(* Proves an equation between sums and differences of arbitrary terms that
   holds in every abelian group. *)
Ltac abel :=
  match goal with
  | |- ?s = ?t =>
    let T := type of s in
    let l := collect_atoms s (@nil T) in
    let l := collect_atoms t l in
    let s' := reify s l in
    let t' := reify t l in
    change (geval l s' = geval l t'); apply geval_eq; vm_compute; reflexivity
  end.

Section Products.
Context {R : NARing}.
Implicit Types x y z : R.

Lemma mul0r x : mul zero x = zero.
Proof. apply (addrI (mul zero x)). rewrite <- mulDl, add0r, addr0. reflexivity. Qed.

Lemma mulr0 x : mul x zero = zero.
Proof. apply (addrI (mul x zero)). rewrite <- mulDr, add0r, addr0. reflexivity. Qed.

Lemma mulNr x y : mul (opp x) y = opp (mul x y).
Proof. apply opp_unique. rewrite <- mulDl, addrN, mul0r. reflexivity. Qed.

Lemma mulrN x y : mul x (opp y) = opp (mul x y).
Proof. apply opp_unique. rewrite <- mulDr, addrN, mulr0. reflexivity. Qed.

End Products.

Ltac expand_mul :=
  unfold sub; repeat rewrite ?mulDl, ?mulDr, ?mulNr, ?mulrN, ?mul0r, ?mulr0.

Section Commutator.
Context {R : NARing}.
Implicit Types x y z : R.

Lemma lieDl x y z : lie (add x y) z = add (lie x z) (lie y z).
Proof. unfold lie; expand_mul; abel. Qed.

§

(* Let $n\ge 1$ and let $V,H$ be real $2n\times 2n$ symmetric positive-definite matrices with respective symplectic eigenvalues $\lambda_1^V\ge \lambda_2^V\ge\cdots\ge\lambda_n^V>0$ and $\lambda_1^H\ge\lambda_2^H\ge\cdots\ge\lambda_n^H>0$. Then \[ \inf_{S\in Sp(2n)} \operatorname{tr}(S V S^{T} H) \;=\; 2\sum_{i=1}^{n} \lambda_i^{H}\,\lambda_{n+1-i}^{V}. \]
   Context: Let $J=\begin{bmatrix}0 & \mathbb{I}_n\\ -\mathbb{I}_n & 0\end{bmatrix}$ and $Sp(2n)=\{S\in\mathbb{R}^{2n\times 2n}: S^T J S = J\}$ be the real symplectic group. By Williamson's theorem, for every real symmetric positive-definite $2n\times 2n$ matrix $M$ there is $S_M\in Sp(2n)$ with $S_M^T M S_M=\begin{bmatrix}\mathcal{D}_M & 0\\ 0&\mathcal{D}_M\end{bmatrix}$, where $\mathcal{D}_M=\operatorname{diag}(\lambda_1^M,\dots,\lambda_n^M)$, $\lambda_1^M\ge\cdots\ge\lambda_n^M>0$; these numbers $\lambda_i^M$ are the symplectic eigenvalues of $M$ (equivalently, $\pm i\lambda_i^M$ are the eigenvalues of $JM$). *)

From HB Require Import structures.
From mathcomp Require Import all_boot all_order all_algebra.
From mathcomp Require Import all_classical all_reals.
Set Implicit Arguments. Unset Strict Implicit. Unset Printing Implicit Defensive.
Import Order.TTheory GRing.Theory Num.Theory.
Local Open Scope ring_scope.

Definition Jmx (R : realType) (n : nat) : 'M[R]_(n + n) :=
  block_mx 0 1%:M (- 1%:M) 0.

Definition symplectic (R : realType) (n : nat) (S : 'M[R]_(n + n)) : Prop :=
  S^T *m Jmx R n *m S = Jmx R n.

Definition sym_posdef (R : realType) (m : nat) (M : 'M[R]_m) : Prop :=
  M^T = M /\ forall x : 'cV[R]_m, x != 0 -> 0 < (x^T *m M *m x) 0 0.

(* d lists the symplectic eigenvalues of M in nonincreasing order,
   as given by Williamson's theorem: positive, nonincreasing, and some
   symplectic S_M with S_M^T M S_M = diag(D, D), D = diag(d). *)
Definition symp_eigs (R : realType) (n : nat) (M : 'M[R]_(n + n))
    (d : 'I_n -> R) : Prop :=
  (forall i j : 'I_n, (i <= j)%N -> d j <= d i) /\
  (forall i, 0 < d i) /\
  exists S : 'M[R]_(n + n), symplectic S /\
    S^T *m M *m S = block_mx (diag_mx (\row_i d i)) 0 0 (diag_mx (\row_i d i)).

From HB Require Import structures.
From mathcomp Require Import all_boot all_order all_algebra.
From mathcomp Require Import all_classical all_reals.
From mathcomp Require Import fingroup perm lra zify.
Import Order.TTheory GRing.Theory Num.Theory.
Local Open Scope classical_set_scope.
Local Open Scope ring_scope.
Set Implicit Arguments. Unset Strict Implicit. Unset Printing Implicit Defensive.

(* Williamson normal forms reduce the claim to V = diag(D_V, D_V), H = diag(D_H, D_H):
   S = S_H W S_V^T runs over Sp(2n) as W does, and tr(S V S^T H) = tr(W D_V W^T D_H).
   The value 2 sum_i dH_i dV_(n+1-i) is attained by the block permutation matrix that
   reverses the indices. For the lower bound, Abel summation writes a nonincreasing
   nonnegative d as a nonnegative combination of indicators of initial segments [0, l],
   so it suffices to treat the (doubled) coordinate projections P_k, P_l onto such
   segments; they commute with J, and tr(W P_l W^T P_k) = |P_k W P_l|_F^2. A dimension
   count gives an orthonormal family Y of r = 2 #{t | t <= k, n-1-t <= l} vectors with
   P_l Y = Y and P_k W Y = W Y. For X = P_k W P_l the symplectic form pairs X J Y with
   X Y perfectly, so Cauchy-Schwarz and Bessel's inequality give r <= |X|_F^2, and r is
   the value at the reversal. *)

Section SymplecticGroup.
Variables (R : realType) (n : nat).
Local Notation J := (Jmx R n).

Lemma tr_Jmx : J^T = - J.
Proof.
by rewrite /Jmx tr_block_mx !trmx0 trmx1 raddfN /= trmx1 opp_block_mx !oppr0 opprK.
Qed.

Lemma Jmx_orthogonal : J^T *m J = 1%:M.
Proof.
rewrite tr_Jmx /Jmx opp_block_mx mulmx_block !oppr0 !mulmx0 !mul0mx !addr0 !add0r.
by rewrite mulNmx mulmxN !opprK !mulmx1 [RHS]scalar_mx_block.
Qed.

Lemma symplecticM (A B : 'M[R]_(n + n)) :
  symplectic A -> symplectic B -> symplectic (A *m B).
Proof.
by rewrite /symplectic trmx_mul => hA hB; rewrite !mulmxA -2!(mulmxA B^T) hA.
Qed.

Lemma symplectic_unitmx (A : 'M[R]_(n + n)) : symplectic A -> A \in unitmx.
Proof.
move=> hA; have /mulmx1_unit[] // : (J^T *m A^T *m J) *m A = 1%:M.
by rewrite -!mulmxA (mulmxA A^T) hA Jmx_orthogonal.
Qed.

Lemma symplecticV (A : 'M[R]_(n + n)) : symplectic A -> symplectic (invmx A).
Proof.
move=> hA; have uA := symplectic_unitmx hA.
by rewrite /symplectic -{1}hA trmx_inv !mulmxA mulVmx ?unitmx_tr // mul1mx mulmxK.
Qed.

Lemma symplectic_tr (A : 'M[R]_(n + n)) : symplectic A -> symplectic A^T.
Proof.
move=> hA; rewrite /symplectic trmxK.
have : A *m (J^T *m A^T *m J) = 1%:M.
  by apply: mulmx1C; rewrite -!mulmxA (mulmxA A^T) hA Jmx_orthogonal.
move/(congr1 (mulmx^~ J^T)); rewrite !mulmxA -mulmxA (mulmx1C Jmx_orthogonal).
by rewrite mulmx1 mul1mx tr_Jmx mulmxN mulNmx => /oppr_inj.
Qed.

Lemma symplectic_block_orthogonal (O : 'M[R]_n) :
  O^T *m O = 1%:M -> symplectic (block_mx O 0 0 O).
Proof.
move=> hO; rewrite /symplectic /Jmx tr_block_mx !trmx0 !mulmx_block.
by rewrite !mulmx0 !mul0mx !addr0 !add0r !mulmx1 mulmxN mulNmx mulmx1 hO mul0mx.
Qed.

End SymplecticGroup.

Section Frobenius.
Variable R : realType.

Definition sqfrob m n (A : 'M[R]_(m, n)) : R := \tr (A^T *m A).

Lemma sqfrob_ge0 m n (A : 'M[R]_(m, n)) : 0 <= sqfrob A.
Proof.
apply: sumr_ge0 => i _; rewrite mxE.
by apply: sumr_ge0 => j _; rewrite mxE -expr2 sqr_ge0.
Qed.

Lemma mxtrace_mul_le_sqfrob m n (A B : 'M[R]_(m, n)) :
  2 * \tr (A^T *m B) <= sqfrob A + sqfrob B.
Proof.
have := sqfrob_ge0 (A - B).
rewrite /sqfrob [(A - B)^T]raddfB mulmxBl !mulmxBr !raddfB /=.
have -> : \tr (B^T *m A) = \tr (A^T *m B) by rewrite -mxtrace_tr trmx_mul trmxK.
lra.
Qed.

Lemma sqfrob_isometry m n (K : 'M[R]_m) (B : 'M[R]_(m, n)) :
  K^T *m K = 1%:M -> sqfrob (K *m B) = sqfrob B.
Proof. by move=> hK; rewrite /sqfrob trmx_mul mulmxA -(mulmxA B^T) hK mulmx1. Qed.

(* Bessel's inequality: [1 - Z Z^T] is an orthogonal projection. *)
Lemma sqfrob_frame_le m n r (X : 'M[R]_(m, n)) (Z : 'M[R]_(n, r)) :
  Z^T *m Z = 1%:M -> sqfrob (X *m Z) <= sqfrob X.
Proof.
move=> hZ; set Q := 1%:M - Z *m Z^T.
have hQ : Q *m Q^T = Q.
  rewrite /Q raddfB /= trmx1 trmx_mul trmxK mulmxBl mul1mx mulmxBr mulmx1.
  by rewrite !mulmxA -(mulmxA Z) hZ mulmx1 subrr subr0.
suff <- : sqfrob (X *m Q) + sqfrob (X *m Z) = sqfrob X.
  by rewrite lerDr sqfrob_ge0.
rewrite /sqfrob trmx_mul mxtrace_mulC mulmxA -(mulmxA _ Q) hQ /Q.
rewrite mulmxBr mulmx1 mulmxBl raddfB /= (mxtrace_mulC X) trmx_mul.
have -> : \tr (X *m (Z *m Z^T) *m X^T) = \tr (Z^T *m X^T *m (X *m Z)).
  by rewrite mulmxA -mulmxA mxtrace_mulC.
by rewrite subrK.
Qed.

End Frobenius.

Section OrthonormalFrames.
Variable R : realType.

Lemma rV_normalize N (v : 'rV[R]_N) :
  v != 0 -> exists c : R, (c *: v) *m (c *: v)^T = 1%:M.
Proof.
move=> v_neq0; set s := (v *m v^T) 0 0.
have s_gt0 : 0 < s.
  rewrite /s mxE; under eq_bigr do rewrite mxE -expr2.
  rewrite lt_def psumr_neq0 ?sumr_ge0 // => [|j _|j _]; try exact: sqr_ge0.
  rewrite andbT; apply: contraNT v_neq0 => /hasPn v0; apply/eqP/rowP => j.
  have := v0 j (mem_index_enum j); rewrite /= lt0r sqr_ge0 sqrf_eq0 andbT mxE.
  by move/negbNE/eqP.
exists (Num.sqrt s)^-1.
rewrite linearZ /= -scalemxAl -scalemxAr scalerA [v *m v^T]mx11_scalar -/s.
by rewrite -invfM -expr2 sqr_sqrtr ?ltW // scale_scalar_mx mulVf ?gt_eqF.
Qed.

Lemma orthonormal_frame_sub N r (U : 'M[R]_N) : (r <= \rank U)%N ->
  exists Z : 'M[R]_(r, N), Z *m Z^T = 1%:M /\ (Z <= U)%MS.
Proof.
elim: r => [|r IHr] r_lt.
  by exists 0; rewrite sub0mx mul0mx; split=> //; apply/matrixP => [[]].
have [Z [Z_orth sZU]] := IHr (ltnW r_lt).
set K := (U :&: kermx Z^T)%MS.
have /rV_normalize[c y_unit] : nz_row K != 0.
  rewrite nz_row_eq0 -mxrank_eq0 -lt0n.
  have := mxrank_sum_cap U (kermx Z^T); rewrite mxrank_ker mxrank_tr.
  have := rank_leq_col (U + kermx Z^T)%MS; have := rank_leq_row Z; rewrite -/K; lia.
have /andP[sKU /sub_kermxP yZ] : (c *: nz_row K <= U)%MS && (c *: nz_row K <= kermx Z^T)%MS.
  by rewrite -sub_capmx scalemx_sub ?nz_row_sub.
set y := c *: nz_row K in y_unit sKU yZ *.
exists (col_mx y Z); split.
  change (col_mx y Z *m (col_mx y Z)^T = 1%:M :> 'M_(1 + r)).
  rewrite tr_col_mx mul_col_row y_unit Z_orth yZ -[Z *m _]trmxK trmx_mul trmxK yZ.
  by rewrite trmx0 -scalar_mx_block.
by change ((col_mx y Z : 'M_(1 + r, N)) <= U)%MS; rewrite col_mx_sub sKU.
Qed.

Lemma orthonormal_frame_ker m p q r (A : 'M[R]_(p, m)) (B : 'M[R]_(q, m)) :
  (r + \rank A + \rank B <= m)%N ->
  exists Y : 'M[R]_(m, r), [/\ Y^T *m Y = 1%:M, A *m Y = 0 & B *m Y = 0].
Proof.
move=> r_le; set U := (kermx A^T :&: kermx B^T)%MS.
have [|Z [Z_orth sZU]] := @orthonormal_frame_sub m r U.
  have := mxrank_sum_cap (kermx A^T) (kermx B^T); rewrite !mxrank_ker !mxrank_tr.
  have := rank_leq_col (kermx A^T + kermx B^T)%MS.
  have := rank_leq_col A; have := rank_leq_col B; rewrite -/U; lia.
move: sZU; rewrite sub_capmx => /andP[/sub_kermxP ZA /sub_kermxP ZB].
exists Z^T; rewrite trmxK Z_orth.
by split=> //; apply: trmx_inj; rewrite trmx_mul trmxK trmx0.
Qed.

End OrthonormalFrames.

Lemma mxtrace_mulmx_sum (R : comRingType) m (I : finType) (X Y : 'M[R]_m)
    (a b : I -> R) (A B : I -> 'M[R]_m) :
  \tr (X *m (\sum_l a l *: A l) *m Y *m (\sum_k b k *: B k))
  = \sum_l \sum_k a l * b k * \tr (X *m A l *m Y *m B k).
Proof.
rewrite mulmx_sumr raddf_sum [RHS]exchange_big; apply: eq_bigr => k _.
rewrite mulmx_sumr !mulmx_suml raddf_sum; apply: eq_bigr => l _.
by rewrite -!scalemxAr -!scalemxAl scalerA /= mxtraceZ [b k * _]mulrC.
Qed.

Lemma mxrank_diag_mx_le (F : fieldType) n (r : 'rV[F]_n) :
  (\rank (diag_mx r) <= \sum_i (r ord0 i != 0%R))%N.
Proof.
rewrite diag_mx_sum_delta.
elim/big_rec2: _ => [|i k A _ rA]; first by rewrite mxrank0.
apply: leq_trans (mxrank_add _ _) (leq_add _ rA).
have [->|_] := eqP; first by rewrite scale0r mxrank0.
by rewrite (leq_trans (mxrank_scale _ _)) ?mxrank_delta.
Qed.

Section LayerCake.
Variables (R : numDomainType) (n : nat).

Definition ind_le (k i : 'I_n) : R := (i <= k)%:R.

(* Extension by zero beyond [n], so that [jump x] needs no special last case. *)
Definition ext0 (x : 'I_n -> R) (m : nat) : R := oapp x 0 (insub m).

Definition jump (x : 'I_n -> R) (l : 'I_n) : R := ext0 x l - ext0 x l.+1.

§

§ ASSIGNMENT:
Every line of the entries above that holds "reflexivity" should be copied out.

§ WRITTEN RESPONSE:
    change (geval l s' = geval l t'); apply geval_eq; vm_compute; reflexivity
Proof. apply (addrI (mul zero x)). rewrite <- mulDl, add0r, addr0. reflexivity. Qed.
Proof. apply (addrI (mul x zero)). rewrite <- mulDr, add0r, addr0. reflexivity. Qed.
Proof. apply opp_unique. rewrite <- mulDl, addrN, mul0r. reflexivity. Qed.
Proof. apply opp_unique. rewrite <- mulDr, addrN, mulr0. reflexivity. Qed.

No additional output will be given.